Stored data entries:
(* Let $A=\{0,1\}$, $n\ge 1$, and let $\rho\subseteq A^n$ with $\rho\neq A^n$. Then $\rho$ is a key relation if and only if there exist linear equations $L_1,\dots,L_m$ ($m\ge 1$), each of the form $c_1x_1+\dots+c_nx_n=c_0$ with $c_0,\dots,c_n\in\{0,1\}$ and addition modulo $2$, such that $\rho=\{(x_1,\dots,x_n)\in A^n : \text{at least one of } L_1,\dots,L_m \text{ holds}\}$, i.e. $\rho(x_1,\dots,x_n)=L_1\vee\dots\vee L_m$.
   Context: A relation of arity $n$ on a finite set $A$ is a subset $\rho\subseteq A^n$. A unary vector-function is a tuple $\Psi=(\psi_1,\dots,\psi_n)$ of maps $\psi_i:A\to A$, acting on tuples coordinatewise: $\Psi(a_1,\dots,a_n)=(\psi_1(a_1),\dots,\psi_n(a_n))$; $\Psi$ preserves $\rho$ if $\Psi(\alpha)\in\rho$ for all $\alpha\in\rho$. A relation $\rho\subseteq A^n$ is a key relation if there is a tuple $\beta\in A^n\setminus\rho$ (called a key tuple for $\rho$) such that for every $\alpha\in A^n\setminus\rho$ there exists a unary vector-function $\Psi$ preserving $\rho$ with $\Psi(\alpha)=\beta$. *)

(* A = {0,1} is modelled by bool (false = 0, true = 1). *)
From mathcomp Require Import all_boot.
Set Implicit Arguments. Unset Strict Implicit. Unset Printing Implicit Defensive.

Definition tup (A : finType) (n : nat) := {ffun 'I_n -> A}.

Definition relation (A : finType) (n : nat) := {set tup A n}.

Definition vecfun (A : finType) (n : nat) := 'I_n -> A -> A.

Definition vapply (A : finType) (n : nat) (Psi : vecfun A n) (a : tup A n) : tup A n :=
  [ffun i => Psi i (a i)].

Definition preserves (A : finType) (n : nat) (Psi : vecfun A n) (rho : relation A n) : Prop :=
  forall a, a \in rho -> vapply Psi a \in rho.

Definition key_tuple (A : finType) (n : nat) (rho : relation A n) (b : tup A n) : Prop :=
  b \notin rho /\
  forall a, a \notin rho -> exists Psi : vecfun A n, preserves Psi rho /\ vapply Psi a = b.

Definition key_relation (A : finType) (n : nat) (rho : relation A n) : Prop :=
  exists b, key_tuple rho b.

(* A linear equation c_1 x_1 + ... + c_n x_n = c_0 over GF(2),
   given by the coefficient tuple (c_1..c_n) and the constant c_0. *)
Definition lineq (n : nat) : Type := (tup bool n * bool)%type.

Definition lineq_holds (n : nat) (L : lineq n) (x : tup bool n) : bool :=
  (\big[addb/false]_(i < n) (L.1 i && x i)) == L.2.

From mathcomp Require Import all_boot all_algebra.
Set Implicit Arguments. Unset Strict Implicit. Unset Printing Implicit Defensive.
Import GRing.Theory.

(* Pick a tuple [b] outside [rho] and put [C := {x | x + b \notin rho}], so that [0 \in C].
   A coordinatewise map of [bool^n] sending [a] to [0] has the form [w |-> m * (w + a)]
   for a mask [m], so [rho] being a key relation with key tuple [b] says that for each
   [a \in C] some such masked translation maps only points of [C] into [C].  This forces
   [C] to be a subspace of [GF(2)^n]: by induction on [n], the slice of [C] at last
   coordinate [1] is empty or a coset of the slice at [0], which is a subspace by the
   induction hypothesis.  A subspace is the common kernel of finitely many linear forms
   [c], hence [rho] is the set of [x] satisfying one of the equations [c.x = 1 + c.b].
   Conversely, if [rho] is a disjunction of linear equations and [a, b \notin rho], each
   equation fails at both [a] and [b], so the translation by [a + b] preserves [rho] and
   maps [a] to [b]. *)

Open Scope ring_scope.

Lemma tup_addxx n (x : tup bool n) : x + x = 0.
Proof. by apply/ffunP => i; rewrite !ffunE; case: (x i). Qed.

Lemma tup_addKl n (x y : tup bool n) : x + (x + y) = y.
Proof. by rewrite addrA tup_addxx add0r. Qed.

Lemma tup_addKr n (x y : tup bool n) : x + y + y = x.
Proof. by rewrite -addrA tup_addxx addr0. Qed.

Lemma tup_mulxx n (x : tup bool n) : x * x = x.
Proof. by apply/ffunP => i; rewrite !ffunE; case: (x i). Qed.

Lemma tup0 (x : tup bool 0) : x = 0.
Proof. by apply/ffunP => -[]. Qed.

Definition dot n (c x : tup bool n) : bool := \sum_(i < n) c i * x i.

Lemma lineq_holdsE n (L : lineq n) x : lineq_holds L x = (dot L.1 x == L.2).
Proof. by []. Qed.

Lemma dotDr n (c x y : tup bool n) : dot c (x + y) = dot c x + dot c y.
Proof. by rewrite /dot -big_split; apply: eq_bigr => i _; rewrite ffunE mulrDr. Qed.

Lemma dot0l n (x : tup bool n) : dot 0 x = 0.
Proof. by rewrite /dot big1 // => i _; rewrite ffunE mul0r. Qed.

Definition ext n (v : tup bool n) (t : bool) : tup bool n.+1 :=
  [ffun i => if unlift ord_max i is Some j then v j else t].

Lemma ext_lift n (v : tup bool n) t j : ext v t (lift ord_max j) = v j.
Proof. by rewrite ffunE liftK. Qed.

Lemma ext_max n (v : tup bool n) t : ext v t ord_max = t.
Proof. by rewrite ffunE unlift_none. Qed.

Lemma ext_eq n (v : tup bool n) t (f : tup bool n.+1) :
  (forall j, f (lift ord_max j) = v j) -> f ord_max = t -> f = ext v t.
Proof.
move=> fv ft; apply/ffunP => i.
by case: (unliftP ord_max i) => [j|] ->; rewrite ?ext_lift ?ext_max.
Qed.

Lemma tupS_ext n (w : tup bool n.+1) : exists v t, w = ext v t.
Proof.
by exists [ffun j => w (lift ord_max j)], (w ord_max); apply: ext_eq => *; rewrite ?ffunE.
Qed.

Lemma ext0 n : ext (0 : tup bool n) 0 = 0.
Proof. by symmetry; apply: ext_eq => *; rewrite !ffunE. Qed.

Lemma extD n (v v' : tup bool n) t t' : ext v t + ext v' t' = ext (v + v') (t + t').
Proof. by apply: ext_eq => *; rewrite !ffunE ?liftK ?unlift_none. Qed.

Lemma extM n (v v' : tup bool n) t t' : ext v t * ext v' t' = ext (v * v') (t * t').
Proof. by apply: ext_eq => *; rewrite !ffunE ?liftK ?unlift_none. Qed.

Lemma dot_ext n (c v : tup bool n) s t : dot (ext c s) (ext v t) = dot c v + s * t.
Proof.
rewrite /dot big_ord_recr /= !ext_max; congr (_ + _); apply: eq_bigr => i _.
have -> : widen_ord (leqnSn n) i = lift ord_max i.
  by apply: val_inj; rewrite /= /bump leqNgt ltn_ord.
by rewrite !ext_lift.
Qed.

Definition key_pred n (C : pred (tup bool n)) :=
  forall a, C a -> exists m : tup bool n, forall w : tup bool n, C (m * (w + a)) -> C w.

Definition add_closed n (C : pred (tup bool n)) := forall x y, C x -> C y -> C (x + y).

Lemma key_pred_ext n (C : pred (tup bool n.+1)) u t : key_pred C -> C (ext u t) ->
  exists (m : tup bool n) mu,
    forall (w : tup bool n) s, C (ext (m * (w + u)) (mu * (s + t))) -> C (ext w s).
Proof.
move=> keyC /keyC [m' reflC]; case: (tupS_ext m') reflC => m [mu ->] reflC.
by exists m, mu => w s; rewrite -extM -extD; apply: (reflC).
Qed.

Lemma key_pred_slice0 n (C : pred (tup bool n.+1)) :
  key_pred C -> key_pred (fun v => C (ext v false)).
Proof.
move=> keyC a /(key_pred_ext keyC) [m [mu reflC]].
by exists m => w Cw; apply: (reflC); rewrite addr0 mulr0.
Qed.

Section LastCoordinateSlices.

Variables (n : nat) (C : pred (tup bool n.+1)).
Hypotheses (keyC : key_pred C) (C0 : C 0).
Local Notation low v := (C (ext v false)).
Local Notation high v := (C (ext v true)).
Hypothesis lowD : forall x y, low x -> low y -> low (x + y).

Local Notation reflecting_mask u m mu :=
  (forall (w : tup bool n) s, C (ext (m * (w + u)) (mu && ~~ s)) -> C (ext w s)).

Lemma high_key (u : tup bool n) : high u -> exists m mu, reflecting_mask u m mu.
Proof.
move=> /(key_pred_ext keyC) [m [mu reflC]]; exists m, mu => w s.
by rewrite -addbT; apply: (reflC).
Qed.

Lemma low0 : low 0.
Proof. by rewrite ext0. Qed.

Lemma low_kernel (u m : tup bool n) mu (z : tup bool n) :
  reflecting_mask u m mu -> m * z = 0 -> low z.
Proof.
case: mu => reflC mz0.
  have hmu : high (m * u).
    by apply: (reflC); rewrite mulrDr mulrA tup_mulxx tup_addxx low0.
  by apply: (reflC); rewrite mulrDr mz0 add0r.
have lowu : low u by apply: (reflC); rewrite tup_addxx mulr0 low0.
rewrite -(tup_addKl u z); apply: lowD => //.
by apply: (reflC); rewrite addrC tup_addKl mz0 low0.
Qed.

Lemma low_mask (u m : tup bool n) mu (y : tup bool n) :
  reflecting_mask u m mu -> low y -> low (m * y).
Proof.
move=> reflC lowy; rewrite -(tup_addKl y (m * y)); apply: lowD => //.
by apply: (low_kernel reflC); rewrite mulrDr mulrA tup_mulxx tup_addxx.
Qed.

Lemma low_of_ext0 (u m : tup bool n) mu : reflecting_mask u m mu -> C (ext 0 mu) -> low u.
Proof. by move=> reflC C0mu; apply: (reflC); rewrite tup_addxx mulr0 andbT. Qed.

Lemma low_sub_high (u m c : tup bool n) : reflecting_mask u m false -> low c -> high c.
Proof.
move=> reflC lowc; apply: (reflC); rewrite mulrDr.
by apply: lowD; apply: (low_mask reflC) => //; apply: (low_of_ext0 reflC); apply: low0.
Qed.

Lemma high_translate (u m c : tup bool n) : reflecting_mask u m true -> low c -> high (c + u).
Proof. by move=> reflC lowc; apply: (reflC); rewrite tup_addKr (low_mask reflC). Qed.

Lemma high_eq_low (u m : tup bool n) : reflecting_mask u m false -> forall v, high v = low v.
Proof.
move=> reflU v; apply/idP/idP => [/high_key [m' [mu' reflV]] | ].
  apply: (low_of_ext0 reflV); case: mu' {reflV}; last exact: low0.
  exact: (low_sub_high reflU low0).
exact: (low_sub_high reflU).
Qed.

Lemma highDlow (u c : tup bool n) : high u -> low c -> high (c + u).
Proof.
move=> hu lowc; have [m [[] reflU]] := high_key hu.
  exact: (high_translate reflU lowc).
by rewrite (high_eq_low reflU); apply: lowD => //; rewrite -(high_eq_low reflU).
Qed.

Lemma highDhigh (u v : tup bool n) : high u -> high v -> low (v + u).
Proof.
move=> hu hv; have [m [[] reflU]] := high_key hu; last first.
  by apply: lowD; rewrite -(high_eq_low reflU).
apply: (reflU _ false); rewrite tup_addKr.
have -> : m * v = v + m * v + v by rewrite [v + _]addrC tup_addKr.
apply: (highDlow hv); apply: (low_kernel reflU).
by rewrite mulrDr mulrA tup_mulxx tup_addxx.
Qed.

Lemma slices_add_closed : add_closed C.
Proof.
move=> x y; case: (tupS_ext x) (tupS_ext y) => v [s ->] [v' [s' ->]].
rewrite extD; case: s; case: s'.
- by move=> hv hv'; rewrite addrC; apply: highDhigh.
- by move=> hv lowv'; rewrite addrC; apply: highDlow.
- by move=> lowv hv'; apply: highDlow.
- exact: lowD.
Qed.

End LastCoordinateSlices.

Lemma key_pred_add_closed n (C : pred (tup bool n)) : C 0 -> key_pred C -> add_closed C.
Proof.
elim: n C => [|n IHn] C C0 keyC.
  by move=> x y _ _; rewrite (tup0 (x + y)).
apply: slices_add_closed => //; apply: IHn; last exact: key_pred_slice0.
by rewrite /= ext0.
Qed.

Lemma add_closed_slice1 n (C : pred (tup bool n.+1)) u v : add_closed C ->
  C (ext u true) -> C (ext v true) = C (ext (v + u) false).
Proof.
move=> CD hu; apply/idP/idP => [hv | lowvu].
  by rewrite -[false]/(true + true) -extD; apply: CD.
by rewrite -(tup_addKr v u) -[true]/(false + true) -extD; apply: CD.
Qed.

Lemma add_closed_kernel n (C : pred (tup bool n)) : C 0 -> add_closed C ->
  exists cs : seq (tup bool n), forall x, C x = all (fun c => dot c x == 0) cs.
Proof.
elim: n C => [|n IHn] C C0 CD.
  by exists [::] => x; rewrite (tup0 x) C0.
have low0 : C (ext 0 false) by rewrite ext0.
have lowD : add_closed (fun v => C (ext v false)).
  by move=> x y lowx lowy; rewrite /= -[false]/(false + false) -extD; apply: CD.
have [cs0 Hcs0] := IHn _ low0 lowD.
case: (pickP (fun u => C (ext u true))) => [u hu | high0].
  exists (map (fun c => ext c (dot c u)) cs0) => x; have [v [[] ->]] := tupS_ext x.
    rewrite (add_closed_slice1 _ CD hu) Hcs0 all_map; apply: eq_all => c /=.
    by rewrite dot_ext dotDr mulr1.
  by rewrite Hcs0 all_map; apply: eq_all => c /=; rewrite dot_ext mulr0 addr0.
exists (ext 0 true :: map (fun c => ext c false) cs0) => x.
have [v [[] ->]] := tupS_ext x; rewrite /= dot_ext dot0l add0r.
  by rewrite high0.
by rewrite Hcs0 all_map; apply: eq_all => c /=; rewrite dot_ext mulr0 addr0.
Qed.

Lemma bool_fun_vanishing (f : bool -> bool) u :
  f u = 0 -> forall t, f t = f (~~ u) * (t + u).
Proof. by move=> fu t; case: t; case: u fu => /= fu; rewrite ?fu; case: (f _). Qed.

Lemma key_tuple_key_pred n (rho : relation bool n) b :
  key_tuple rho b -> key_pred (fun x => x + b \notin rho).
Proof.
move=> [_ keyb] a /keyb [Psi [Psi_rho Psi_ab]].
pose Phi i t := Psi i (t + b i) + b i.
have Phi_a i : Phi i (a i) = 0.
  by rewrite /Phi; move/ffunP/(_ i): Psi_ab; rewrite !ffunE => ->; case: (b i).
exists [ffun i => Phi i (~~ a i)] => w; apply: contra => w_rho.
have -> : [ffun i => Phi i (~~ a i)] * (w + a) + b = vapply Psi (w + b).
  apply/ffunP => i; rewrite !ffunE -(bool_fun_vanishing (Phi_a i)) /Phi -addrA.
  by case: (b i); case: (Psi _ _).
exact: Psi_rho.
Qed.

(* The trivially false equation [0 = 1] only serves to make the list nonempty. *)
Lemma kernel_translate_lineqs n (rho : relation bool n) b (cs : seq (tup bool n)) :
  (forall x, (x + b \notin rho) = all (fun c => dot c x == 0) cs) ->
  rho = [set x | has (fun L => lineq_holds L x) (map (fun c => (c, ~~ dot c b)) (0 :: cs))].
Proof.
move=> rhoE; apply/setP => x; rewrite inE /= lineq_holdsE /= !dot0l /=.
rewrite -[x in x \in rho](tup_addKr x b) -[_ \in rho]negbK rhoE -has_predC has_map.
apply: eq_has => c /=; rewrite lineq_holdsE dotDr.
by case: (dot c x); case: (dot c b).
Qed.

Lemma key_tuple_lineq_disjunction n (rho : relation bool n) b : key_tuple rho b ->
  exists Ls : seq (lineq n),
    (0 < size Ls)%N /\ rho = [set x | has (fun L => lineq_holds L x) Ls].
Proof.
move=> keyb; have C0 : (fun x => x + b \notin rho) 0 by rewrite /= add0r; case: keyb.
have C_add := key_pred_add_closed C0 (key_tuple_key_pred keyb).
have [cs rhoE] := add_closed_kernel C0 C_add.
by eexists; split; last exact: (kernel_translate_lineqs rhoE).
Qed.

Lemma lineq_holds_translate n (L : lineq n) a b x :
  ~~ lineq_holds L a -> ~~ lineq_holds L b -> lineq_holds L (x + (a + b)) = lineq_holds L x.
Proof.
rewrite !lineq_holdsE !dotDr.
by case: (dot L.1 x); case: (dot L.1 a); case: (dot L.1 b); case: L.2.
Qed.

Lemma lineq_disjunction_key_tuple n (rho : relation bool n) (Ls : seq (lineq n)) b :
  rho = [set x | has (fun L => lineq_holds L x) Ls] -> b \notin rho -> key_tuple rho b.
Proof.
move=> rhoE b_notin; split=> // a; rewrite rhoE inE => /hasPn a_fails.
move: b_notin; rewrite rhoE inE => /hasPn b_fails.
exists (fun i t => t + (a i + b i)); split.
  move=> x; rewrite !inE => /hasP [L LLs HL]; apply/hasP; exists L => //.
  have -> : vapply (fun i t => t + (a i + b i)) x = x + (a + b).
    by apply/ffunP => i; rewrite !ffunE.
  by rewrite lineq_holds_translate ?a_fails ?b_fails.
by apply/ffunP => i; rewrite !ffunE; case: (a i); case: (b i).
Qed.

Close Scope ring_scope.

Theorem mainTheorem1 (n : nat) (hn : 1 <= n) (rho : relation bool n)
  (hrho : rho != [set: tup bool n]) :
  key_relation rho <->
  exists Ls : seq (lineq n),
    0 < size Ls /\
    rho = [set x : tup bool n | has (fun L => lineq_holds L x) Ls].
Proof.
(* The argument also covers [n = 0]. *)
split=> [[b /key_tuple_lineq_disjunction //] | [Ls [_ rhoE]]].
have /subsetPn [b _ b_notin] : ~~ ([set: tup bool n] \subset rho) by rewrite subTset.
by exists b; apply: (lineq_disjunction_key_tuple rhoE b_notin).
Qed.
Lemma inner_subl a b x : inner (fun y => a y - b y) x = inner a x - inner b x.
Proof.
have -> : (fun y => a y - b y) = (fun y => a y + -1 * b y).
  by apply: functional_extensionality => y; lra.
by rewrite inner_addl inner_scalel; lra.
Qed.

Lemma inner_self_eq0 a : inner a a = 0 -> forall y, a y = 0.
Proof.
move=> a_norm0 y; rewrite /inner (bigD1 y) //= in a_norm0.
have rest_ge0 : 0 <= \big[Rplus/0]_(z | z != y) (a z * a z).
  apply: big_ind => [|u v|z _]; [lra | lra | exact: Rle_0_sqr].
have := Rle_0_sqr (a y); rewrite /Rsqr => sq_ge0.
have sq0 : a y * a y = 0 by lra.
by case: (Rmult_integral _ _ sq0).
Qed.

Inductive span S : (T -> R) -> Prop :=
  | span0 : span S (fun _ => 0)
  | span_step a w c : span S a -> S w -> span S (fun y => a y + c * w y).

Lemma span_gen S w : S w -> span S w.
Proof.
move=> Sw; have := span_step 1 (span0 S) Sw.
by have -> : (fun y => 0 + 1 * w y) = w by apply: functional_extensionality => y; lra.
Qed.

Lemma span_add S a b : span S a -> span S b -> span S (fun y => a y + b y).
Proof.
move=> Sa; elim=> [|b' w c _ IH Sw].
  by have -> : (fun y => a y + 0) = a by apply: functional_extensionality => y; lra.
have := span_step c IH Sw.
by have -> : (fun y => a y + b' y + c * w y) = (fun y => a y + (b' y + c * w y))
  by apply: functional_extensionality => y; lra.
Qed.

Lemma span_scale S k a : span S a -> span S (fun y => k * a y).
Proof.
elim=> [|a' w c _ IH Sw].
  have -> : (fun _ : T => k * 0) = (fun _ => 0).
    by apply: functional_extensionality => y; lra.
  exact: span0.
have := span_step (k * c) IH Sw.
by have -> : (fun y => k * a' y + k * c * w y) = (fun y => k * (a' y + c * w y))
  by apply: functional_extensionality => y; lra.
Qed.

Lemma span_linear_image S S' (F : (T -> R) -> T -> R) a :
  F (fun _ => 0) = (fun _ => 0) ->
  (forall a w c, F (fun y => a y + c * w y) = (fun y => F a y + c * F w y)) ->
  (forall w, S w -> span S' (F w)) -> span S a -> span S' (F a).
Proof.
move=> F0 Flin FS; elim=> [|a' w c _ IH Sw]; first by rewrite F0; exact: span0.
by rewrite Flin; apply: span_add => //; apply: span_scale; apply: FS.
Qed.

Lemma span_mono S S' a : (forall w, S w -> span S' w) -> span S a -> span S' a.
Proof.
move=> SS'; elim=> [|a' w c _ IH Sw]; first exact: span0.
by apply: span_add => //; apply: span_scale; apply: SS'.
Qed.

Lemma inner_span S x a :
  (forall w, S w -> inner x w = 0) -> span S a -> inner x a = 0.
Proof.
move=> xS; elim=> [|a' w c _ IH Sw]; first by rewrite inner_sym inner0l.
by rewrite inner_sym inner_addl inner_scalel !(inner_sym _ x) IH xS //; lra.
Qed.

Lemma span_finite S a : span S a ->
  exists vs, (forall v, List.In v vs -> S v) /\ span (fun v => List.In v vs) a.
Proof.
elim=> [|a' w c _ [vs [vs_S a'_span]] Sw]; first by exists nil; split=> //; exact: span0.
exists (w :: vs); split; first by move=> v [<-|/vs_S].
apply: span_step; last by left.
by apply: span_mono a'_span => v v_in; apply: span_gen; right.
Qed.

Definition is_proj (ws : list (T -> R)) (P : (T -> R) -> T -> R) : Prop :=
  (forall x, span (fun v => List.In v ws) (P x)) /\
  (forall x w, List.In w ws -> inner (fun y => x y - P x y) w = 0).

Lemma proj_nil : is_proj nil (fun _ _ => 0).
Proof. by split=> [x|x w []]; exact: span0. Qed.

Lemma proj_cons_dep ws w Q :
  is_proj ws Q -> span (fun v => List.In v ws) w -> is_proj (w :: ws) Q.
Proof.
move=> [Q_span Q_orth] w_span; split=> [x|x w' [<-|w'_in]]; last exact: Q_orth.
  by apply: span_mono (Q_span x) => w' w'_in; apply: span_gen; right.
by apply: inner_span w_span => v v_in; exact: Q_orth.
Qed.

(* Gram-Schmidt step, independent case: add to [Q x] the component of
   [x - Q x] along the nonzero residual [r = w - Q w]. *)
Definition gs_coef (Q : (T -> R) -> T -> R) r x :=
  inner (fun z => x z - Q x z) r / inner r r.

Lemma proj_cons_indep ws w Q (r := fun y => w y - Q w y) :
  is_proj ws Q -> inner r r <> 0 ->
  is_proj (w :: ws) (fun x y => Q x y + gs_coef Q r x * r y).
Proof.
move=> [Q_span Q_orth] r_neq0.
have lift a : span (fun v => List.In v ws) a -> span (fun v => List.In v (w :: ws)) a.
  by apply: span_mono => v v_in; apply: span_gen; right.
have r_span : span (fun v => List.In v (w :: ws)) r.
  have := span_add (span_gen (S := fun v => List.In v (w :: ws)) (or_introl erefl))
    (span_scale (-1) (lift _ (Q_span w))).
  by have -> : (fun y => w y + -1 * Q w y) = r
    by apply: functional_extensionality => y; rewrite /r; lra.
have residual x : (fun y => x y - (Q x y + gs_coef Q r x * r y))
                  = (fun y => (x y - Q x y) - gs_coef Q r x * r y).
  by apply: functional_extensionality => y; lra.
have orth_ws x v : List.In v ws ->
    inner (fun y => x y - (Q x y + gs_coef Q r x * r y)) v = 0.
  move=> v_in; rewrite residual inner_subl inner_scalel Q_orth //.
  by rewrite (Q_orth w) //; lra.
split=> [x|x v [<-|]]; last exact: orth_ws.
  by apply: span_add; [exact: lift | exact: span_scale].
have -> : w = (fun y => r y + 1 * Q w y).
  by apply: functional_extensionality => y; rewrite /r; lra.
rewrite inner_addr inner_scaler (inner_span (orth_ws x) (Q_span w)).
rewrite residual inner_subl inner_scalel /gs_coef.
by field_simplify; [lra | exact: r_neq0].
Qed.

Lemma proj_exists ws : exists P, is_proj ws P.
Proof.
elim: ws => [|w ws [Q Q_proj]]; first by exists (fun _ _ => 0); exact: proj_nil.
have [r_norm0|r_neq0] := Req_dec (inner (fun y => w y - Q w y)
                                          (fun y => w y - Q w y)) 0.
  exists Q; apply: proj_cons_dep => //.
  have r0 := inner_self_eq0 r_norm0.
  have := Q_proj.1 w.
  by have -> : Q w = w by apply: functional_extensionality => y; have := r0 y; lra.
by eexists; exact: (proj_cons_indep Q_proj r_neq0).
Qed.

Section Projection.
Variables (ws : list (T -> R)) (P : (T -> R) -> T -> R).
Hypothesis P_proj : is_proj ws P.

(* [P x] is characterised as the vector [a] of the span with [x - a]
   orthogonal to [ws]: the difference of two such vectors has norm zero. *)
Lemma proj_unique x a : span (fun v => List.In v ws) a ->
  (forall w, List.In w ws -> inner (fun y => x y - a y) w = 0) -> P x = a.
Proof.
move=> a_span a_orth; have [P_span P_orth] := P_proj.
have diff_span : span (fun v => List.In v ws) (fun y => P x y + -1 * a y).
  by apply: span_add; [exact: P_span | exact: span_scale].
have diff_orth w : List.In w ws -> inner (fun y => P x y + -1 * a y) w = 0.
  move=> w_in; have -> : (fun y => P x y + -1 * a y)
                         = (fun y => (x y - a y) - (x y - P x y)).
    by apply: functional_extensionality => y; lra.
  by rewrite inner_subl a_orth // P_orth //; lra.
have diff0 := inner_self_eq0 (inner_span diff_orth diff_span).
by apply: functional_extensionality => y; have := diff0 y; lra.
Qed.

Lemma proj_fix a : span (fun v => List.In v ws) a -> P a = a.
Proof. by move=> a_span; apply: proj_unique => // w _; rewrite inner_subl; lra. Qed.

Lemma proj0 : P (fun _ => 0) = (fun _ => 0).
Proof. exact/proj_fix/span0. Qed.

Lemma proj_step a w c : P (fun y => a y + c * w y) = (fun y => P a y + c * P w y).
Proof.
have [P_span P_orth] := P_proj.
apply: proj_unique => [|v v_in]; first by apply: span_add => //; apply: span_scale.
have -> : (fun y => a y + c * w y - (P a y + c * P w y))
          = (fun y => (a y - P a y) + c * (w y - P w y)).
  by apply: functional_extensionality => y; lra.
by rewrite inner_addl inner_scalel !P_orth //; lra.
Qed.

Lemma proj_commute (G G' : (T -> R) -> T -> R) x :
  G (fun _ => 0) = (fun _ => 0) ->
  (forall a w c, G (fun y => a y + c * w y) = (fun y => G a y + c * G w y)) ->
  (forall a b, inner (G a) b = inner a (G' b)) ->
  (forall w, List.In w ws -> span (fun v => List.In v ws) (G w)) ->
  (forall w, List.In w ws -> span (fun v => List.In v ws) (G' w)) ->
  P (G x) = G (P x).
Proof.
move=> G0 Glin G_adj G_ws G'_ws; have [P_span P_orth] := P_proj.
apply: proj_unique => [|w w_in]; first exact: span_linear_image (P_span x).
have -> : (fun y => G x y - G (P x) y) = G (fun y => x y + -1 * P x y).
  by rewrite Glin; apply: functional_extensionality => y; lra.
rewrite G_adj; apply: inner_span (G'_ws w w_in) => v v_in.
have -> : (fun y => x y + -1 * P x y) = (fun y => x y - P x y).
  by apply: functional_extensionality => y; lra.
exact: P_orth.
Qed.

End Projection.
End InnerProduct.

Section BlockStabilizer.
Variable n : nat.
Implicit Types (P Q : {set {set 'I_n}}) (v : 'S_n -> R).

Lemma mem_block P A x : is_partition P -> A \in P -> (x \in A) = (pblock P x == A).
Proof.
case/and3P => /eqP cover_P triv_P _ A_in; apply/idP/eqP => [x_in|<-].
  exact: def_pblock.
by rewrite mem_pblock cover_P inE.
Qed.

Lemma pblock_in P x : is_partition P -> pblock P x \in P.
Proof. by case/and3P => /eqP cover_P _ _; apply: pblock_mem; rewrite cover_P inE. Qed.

[Task goal] All lines in the preceding records that hold the word "Section" need to be copied.

[Result for this task]
Section LastCoordinateSlices.
Section Projection.
Section BlockStabilizer.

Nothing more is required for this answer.